Seven signature ARGs were identified based on the RF algorithm. Receiver operating characteristic curves confirmed the classification accuracy of the risk predictive model based on signature ARGs (area under the curve [AUC] = 0.9596 in the training cohort and AUC = 0.7773 in the external validation cohort). Subsequently, the ARG clusters were identified by consensus clustering. Cluster B had a more generalized high expression of ARGs and was significantly associated with immune infiltration. The miRNA and transcription factor network provided new ideas for finding potential upstream targets and biomarkers. Finally, the results of RT-qPCR were consistent with the bioinformatics analysis, further validating our results.
Angiogenesis is closely related to AMI, and characterizing the angiogenic features of patients with AMI can help to risk-stratify patients and provide personalized treatment.
摘要:
背景:已发现血管生成是发展肿瘤和缺血性疾病的关键因素。然而,血管生成相关基因(ARGs)在急性心肌梗死(AMI)中的作用尚不清楚.
方法:使用GSE66360数据集作为训练组,GSE48060数据集用作外部验证队列。使用随机森林(RF)算法来鉴定特征基因。使用共有聚类分析来鉴定与血管生成相关的稳健分子簇。采用ssGSEA分析ARGs与免疫细胞浸润的相关性。此外,我们构建了miRNA基因,转录因子网络,和标记基因的靶向药物网络。RT-qPCR用于验证标记基因的表达水平。
结果:根据RF算法确定了7个特征ARG。受试者工作特征曲线证实了基于特征ARG的风险预测模型的分类准确性(训练队列中曲线下面积[AUC]=0.9596,外部验证队列中AUC=0.7773)。随后,通过共识聚类确定ARG聚类.B簇具有更广泛的ARGs高表达,并且与免疫浸润显着相关。miRNA和转录因子网络为寻找潜在的上游靶标和生物标志物提供了新思路。最后,RT-qPCR结果与生物信息学分析结果一致,进一步验证我们的结果。

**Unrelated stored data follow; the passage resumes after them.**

Lemma ratr_integral_int (C : numFieldType) (q : rat) :
  integralOver (intr : int -> C) (ratr q) -> q \is a Num.int.
Proof.
case=> p p_monic; rewrite root_map_intr_ratr -(root_map_intr_ratr algC) => pq0.
have Aint_q : (ratr q : algC) \in Aint.
  apply: root_monic_Aint pq0 (monic_map _ p_monic) _.
  by apply/polyOverP => i; rewrite coef_map intr_int.
have /intrP[m qE] := Cint_rat_Aint (Crat_rat q) Aint_q.
suff -> : q = m%:~R by apply: intr_int.
by apply: (fmorph_inj (ratr : {rmorphism rat -> algC})); rewrite /= ratr_int -qE.
Qed.

End RatIntegral.
Import RatIntegral.

Lemma quadratic_other_root (F : idomainType) (w w' p q : F) : w != w' ->
  w ^+ 2 = p + q * w -> w' ^+ 2 = p + q * w' -> w' = q - w.
Proof.
move=> ww' w2 w'2; have /eqP : (w - w') * (w + w' - q) = 0.
  transitivity ((w ^+ 2 - q * w) - (w' ^+ 2 - q * w')); first by ring.
  by rewrite w2 w'2; ring.
rewrite mulf_eq0 subr_eq0 (negPf ww') /= subr_eq0 => /eqP wq.
by rewrite -wq; ring.
Qed.

Lemma conj_quadratic_root (C : numClosedFieldType) (w p q : C) :
  w \isn't Num.real -> p \is Num.real -> q \is Num.real ->
  w ^+ 2 = p + q * w -> w^* = q - w.
Proof.
move=> /negP w_nreal /conj_Creal pJ /conj_Creal qJ w2.
apply: (quadratic_other_root _ w2); last by rewrite -rmorphXn w2 rmorphD rmorphM /= pJ qJ.
by apply/eqP => wJ; apply/w_nreal/CrealP; rewrite -wJ.
Qed.

Lemma conj_integral (C : numClosedFieldType) (z : C) :
  integralOver (intr : int -> C) z -> integralOver (intr : int -> C) z^*.
Proof.
case=> p p_monic pz0; exists p => //.
have -> : map_poly (intr : int -> C) p = map_poly Num.conj (map_poly intr p).
  by rewrite -map_poly_comp; apply: eq_map_poly => m /=; rewrite rmorph_int.
by rewrite fmorph_root.
Qed.

Section ComplexModulus.
Variable R : realType.

Lemma cabsE (w : R[i]) : (cabs w)%:C%C = `|w|.
Proof. by rewrite /cabs RRe_real // normr_real. Qed.

Lemma cabs_ge0 (w : R[i]) : 0 <= cabs w.
Proof. by rewrite -ler0c cabsE. Qed.

Lemma cabs_subr_le (a b : R[i]) : cabs (a - b) <= cabs a + cabs b.
Proof. by rewrite -lecR rmorphD /= !cabsE ler_normB. Qed.

Lemma cabs_sub_le_diam (B : set R[i]) (M : R) a b :
  (forall z, B z -> cabs z <= M) -> B a -> B b -> cabs (a - b) <= diam B.
Proof.
move=> BM Ba Bb; apply: ub_le_sup; last by exists a => //; exists b.
exists (M + M) => _ [a' Ba' [b' Bb' <-]].
by apply: le_trans (cabs_subr_le a' b') _; apply: lerD; apply: BM.
Qed.

End ComplexModulus.

Section QuarticCMField.
Variables (R : realType) (K : set R[i]) (s : R[i] -> R[i]).
Local Notation C := R[i].
Local Notation K0 := (real_part_field K).
Hypotheses (sK : is_subfield K) (es : field_embedding K s)
  (s_K0 : restricts_to_nontrivial_aut K0 s) (dimK0 : Qdim K0 2).

Lemma real_part_field_sub x : K0 x -> K x. Proof. by case. Qed.
Lemma real_part_field_real x : K0 x -> x \is Num.real. Proof. by case. Qed.
Lemma real_part_field_embedding x : K0 x -> K0 (s x). Proof. by case: s_K0 => + _; apply. Qed.

Lemma real_part_field_rat q : K0 (ratr q).
Proof. by split; [apply: subfield_rat | apply: ratr_real]. Qed.

Lemma real_part_fieldD x y : K0 x -> K0 y -> K0 (x + y).
Proof. by move=> [Kx xr] [Ky yr]; split; [apply: subfieldD | apply: rpredD]. Qed.

Lemma real_part_fieldM x y : K0 x -> K0 y -> K0 (x * y).
Proof. by move=> [Kx xr] [Ky yr]; split; [apply: subfieldM | apply: rpredM]. Qed.

Lemma real_part_field_basis : exists2 x0, K0 x0 /\ s x0 != x0 &
  forall y, K0 y -> exists a b : rat, y = ratr a + ratr b * x0.
Proof.
case: s_K0 => _ [_ [x0 [K0x0 sx0]]]; exists x0 => //.
pose g (i : 'I_2) := if val i == 0%N then 1 else x0.
have sum2 (F : 'I_2 -> C) : \sum_i F i = F ord0 + F (lift ord0 ord0).
  by rewrite !big_ord_recl big_ord0 addr0.
have K0g i : K0 (g i).
  by rewrite /g; case: ifP => // _; rewrite -(rmorph1 ratr); apply: real_part_field_rat.
have g_free q : \sum_i ratr (q i) * g i = 0 -> forall i, q i = 0.
  rewrite sum2 /g /= mulr1 => /(moved_rat_free sK es sx0)[q0 q1].
  by case=> -[|[|//]] i_lt; [rewrite -q0 | rewrite -q1]; congr q; apply: val_inj.
move=> y /(Qdim_free_spans dimK0 K0g g_free)[q ->].
by exists (q ord0), (q (lift ord0 ord0)); rewrite sum2 /g /= mulr1.
Qed.

Lemma real_part_field_norm_rat y : K0 y -> exists r : rat, y * s y = ratr r.
Proof.
have [x0 [K0x0 sx0] K0_span] := real_part_field_basis.
have [u [v x0_sq]] := K0_span _ (real_part_fieldM K0x0 K0x0).
have Kx0 := real_part_field_sub K0x0; have KQ := subfield_rat sK.
have sx0_sq : s x0 * s x0 = ratr u + ratr v * s x0.
  have Kvx0 := subfieldM sK (KQ v) Kx0.
  rewrite -(embeddingM es) // x0_sq (embeddingD es (KQ u) Kvx0) (embeddingM es (KQ v) Kx0).
  by rewrite !(embedding_rat sK es).
(* s x0 is the other root of X^2 - v X - u, which makes y * s y the norm form of Q(x0). *)
have sx0E : s x0 = ratr v - x0.
  by apply: (quadratic_other_root (p := ratr u)); rewrite ?expr2 // eq_sym.
move=> /K0_span[a [b ->]]; exists (a * a + a * b * v - b * b * u).
have Kbx0 := subfieldM sK (KQ b) Kx0.
rewrite (embeddingD es (KQ a) Kbx0) (embeddingM es (KQ b) Kx0) !(embedding_rat sK es) sx0E.
rewrite !rmorphB !rmorphD !rmorphM /=.
transitivity (ratr a * ratr a + ratr a * ratr b * ratr v
              - ratr b * ratr b * (x0 * x0 - ratr v * x0)); first by ring.
by rewrite x0_sq; ring.
Qed.

Hypotheses (dimK : Qdim K 4) (K_imag : totally_imaginary K).

Lemma imaginary_generator : exists2 x, K x /\ x \isn't Num.real &
  forall y, K y -> exists A B, [/\ K0 A, K0 B & y = A + B * x].
Proof.
have [x0 [K0x0 sx0] _] := real_part_field_basis.
have K0_lin a b : K0 (ratr a + ratr b * x0).
  exact: real_part_fieldD (real_part_field_rat _) (real_part_fieldM (real_part_field_rat _) K0x0).
have [x [Kx x_nreal]] : exists x, K x /\ x \isn't Num.real.
  by apply: K_imag. (* with the identity embedding *)
exists x => //.
pose g (i : 'I_4) := match val i with 0 => 1 | 1 => x0 | 2 => x | _ => x0 * x end.
have gE (q : 'I_4 -> rat) : \sum_i ratr (q i) * g i =
    (ratr (q ord0) + ratr (q (lift ord0 ord0)) * x0) +
    (ratr (q (lift ord0 (lift ord0 ord0)))
     + ratr (q (lift ord0 (lift ord0 (lift ord0 ord0)))) * x0) * x.
  by rewrite !big_ord_recl big_ord0 /g /=; ring.
have Kx0 := real_part_field_sub K0x0.
have Kg i : K (g i).
  by case: i => -[|[|[|i]]] i_lt; rewrite /g /=; [apply: subfield1 | | | apply: subfieldM].
have g_free q : \sum_i ratr (q i) * g i = 0 -> forall i, q i = 0.
  rewrite gE; set A := _ + _ * x0; set B := _ + _ * x0 => ABx0.
  have [Ar Br] := (real_part_field_real (K0_lin _ _) : A \is Num.real,
                   real_part_field_real (K0_lin _ _) : B \is Num.real).
  have B0 : B = 0.
    apply/eqP; apply: contraNT x_nreal => B_neq0.
    suff -> : x = - A / B by rewrite realM ?realN ?realV.
    apply: (mulfI B_neq0); rewrite mulrCA mulfV // mulr1.
    by apply/eqP; rewrite -addr_eq0 addrC ABx0.
  move: ABx0; rewrite B0 mul0r addr0 => /(moved_rat_free sK es sx0)[q0 q1].
  move: B0 => /(moved_rat_free sK es sx0)[q2 q3].
  by case=> -[|[|[|[|//]]]] i_lt; [rewrite -q0 | rewrite -q1 | rewrite -q2 | rewrite -q3];
    congr q; apply: val_inj.
move=> y /(Qdim_free_spans dimK Kg g_free)[q ->]; rewrite gE.
by do 2 eexists; split; last reflexivity; apply: K0_lin.
Qed.

Lemma embedding_conj y : K y -> K y^* /\ s y^* = (s y)^*.
Proof.
have [x [Kx x_nreal] K_span] := imaginary_generator.
have real_s u : K0 u -> s u \is Num.real.
  by move=> K0u; apply: real_part_field_real; apply: real_part_field_embedding.
have [a [c [K0a K0c x_sq]]] := K_span _ (subfieldM sK Kx Kx).
have [Ka Kc] := (real_part_field_sub K0a, real_part_field_sub K0c).
have xJ : x^* = c - x.
  apply: conj_quadratic_root x_nreal (real_part_field_real K0a) (real_part_field_real K0c) _.
  by rewrite expr2.
have sx_nreal : s x \isn't Num.real.
  have [z [Kz sz_nreal]] := K_imag es; apply: contraNN sz_nreal => sx_real.
  have [A [B [K0A K0B ->]]] := K_span z Kz.
  have [KA KB] := (real_part_field_sub K0A, real_part_field_sub K0B).
  rewrite (embeddingD es) ?(embeddingM es) //.
    by apply: realD (real_s _ K0A) (realM (real_s _ K0B) _).
  exact: subfieldM.
have sxJ : (s x)^* = s c - s x.
  apply: conj_quadratic_root sx_nreal (real_s _ K0a) (real_s _ K0c) _.
  rewrite expr2 -(embeddingM es) // x_sq (embeddingD es) ?(embeddingM es) //.
  exact: subfieldM.
move=> /K_span[A [B [K0A K0B ->]]].
have [KA KB] := (real_part_field_sub K0A, real_part_field_sub K0B).
have yJ : (A + B * x)^* = A + B * (c - x).
  by rewrite rmorphD rmorphM /= xJ !conj_Creal ?real_part_field_real.
have KBcx := subfieldM sK KB (subfieldB sK Kc Kx).
rewrite yJ (embeddingD es) // (embeddingM es) ?(embeddingB sK es) //; last exact: subfieldB.
split; first exact: subfieldD.
rewrite (embeddingD es) ?(embeddingM es) //; last exact: subfieldM.
by rewrite rmorphD rmorphM /= sxJ !conj_Creal ?real_s.
Qed.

结论:血管生成与AMI密切相关,和描述AMI患者的血管生成特征有助于对患者进行风险分层并提供个性化治疗。
方法:使用GSE66360数据集作为训练组,GSE48060数据集用作外部验证队列。使用随机森林(RF)算法来鉴定特征基因。使用共有聚类分析来鉴定与血管生成相关的稳健分子簇。采用ssGSEA分析ARGs与免疫细胞浸润的相关性。此外,我们构建了miRNA基因,转录因子网络,和标记基因的靶向药物网络。RT-qPCR用于验证标记基因的表达水平。
结果:根据RF算法确定了7个特征ARG。受试者工作特征曲线证实了基于特征ARG的风险预测模型的分类准确性(训练队列中曲线下面积[AUC]=0.9596,外部验证队列中AUC=0.7773)。随后,通过共识聚类确定ARG聚类.B簇具有更广泛的ARGs高表达,并且与免疫浸润显着相关。miRNA和转录因子网络为寻找潜在的上游靶标和生物标志物提供了新思路。最后,RT-qPCR结果与生物信息学分析结果一致,进一步验证我们的结果。
结论:血管生成与AMI密切相关,和描述AMI患者的血管生成特征有助于对患者进行风险分层并提供个性化治疗。